Our civic leaders—in politics, religion, business, academia, and elsewhere—ought to help us find more civic-minded ways to operate businesses and employ people that consider all our economic needs and our shared values and environment and quality of life and what kind of people we want to become. To put it bluntly, the apparently widespread inability to run a business profitably without putting the squeeze on consumers at the end of the year does not constitute a civic duty to consume. Nor does it make sense to put the squeeze on workers throughout the year. It’s not about tax rates or government programs; it’s about right relationship and good process and civic responsibility.

That’s one more reason to take stewardship seriously as a spiritual value. It’s not just about how we use our resources of time, talent and treasure. It’s about how we use ourselves. My colleague John Buehrens likes to say: “Leadership is having something left over, after taking care of yourself, in order to pay attention to someone else.” Maybe it’s fair to say that stewardship is having something left over, after meeting our basic needs, in order to pay attention to our values and how we live them.

The financial counselor George Kinder talks about this in terms of maturity. He relates what he calls “money maturity” to progress in meeting higher-level needs in our financial life. He thinks our lifelong process of maturing has seven stages, or building blocks, starting in childhood with our early lessons in survival (that’s one) and in how to manage conflict and our feelings about it (that’s two). In adulthood are three more stages: developing our skills for reflection, understanding, and forming a sense of purpose in our own lives. The last two stages are developing an openness and focus on a vision beyond us, and a generous and compassionate and wise personal presence in the world.

What Kinder is getting at is the question of vocation. Frederick Buechner has written that “vocation is the place where your deep gladness meets the world’s deep need.” In the context of stewardship in church life, we often talk about vocation in terms of finding your ministry within the congregation. But as Buechner suggests, it goes deeper than that. It goes to the question of meaning and purpose in your life: to what are you called? Or as Mary Oliver famously asked, “Tell me, what is it you plan to do with your one wild and precious life?”

To reflect on stewardship as a spiritual value, some questions to ask ourselves are: What do we value? What power do we have to live our values? How do we spend ourselves? How, and in what, do we invest ourselves? To what ends? How do we replenish ourselves?

Financial life can be a fruitful field for exploring stewardship of ourselves because it’s the metaphor these questions come from.
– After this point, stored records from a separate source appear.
(* Let $G=(V,E)$ be a graph with colouring $f:V\to\{B,R\}$. If $E'$ is an optimal solution to the MIE problem on $(G,f)$, or an optimal solution to the MIAE problem on $(G,f)$, then no edge of $E'\setminus E$ has both endpoints red.
   Context: Graphs are finite, simple and undirected. A colouring $f:V\to\{B,R\}$ partitions $V$ into the blue nodes $B=f^{-1}(B)$ and red nodes $R=f^{-1}(R)$. For an edge set $E'$ on $V$ and $v\in V$, let $b_{E'}(v)$ and $r_{E'}(v)$ be the numbers of blue and red neighbours of $v$ in $(V,E')$. A node $v$ is under (majority) illusion in $(V,E')$ if $r_{E'}(v)>b_{E'}(v)$. Standing assumption: $|B|>|R|$. An optimal solution to MIAE is an edge set $E'\supseteq E$ on $V$ such that no node is under illusion in $(V,E')$ and $|E'\setminus E|$ is minimum among all such sets. An optimal solution to MIRE is an edge set $E'\subseteq E$ such that no node is under illusion in $(V,E')$ and $|E\setminus E'|$ is minimum among all such sets. An optimal solution to MIE is an edge set $E'$ on $V$ such that no node is under illusion in $(V,E')$ and $|E\setminus E'|+|E'\setminus E|$ is minimum among all such sets. *)

From mathcomp Require Import all_boot.
Set Implicit Arguments. Unset Strict Implicit. Unset Printing Implicit Defensive.

Inductive colour := Blue | Red.

Definition is_blue (c : colour) : bool := if c is Blue then true else false.
Definition is_red (c : colour) : bool := if c is Red then true else false.

Section Graphs.
Variable T : finType.

(* An edge set on V = T: a set of 2-element subsets of T
   (finite, simple, undirected). *)
Definition edge_set (E : {set {set T}}) : bool :=
  [forall e in E, #|e| == 2].

Definition blue_nodes (f : T -> colour) : {set T} := [set v | is_blue (f v)].
Definition red_nodes (f : T -> colour) : {set T} := [set v | is_red (f v)].

Definition bdeg (f : T -> colour) (E : {set {set T}}) (v : T) : nat :=
  #|[set u | is_blue (f u) & [set u; v] \in E]|.
Definition rdeg (f : T -> colour) (E : {set {set T}}) (v : T) : nat :=
  #|[set u | is_red (f u) & [set u; v] \in E]|.

Definition under_illusion f E v : bool := bdeg f E v < rdeg f E v.

Definition no_illusion f E : bool := [forall v, ~~ under_illusion f E v].

Definition optimal_MIAE f (E E' : {set {set T}}) : Prop :=
  [/\ edge_set E', E \subset E', no_illusion f E' &
      forall E'', edge_set E'' -> E \subset E'' -> no_illusion f E'' ->
        #|E' :\: E| <= #|E'' :\: E| ].

Definition optimal_MIRE f (E E' : {set {set T}}) : Prop :=
  [/\ edge_set E', E' \subset E, no_illusion f E' &
      forall E'', edge_set E'' -> E'' \subset E -> no_illusion f E'' ->
        #|E :\: E'| <= #|E :\: E''| ].

Definition optimal_MIE f (E E' : {set {set T}}) : Prop :=
  [/\ edge_set E', no_illusion f E' &
      forall E'', edge_set E'' -> no_illusion f E'' ->
        #|E :\: E'| + #|E' :\: E| <= #|E :\: E''| + #|E'' :\: E| ].

End Graphs.

From mathcomp Require Import all_boot.

(* Deleting an added edge whose endpoints are both red only removes red
   neighbours, so no node falls under illusion; it keeps the removed-edge
   count and lowers the added-edge count by one, contradicting optimality
   for MIE as well as for MIAE. *)

Set Implicit Arguments.
Unset Strict Implicit.
Unset Printing Implicit Defensive.

Section RedEdgeRemoval.
Variables (T : finType) (f : T -> colour).

Lemma edge_set_subset (E1 E2 : {set {set T}}) :
  E1 \subset E2 -> edge_set E2 -> edge_set E1.
Proof.
move=> /subsetP sE12 /forallP E2_edges; apply/forallP=> e; apply/implyP=> eE1.
exact: (implyP (E2_edges e) (sE12 e eE1)).
Qed.

Lemma rdeg_subset (E1 E2 : {set {set T}}) v :
  E1 \subset E2 -> rdeg f E1 v <= rdeg f E2 v.
Proof.
move=> /subsetP sE12; apply: subset_leq_card; apply/subsetP=> u.
by rewrite !inE => /andP [-> /sE12].
Qed.

Lemma bdeg_setD1_red (E : {set {set T}}) (e : {set T}) v :
  e \subset red_nodes f -> bdeg f (E :\ e) v = bdeg f E v.
Proof.
move=> /subsetP e_red; apply: eq_card => u; rewrite !inE.
case u_blue: (is_blue (f u)) => //=; rewrite andb_idl // => _.
apply/eqP=> uv_e; have := e_red u; rewrite -uv_e !inE eqxx => /(_ isT).
by case: (f u) u_blue.
Qed.

Lemma no_illusion_setD1_red (E : {set {set T}}) (e : {set T}) :
  e \subset red_nodes f -> no_illusion f E -> no_illusion f (E :\ e).
Proof.
move=> e_red /forallP noE; apply/forallP=> v; have := noE v.
rewrite /under_illusion -!leqNgt bdeg_setD1_red // => /(leq_trans _); apply.
exact/rdeg_subset/subD1set.
Qed.

End RedEdgeRemoval.

Lemma card_added_setD1 (T : finType) (E E' : {set T}) e :
  e \in E' :\: E -> #|(E' :\ e) :\: E| < #|E' :\: E|.
Proof.
move=> e_added; rewrite (cardsD1 e (E' :\: E)) e_added ltnS.
apply/subset_leq_card/subsetP=> x; rewrite !inE.
by case: (x == e); case: (x \in E).
Qed.

Lemma removed_setD1_added (T : finType) (E E' : {set T}) e :
  e \notin E -> E :\: (E' :\ e) = E :\: E'.
Proof.
move=> eNE; apply/setP=> x; rewrite !inE.
by have [->|//] := eqVneq x e; rewrite (negbTE eNE) !andbF.
Qed.

Theorem mainTheorem1 (T : finType) (E : {set {set T}}) (f : T -> colour)
    (E' : {set {set T}}) :
  edge_set E ->
  #|red_nodes f| < #|blue_nodes f| ->
  optimal_MIE f E E' \/ optimal_MIAE f E E' ->
  forall e, e \in E' :\: E -> ~~ (e \subset red_nodes f).
Proof.
move=> _ _ opt e e_added; apply/negP=> e_red.
have [_ eNE] := setDP e_added.
have fewer_added := card_added_setD1 e_added.
case: opt => [[edgesE' noE' minE']|[edgesE' sEE' noE' minE']].
- have edgesE'e : edge_set (E' :\ e) by exact: edge_set_subset (subD1set E' e) edgesE'.
  have := minE' _ edgesE'e (no_illusion_setD1_red e_red noE').
  by rewrite removed_setD1_added // leq_add2l leqNgt fewer_added.
- have edgesE'e : edge_set (E' :\ e) by exact: edge_set_subset (subD1set E' e) edgesE'.
  have sEE'e : E \subset E' :\ e by rewrite subsetD1 sEE'.
  have := minE' _ edgesE'e sEE'e (no_illusion_setD1_red e_red noE').
  by rewrite leqNgt fewer_added.
Qed.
Also, since it’s a part of life we can’t avoid, it’s a good place to develop spiritual practices—there’s some hope that we’ll keep practicing.

Unitarian theologian Henry Nelson Wieman wrote:

There are two kinds of life, with all gradations between the extremes. One is the brush-pile life; the other the big-tree life. One is a pile of twigs and branches; the other is an organic system. In the first the several parts do not vitally sustain one another. In the second every little detail, every leaf and twig, has some important and vital part to play, and is precious because it carries in itself the value of the whole which it represents and to which it organically belongs. Of course no life is merely a heap of disconnected parts; and no life is completely organic. But roughly speaking all lives may be divided into two kinds as they are symbolized by the brush pile or the growing tree.

PineconeAnd so I come back to the frenzy of the holiday season: are the holidays an ornament on the “big tree” of your life, or does your life annually turn into a Christmas tree ornament? How do you spend yourself differently during the holidays? Invest yourself? Replenish yourself?

As you go about hanging up the green this season, I invite you to reflect on how you trim both trees: the Christmas tree and the “big tree” of your life. And in this holiday season may you find love and peace and all that replenishes you.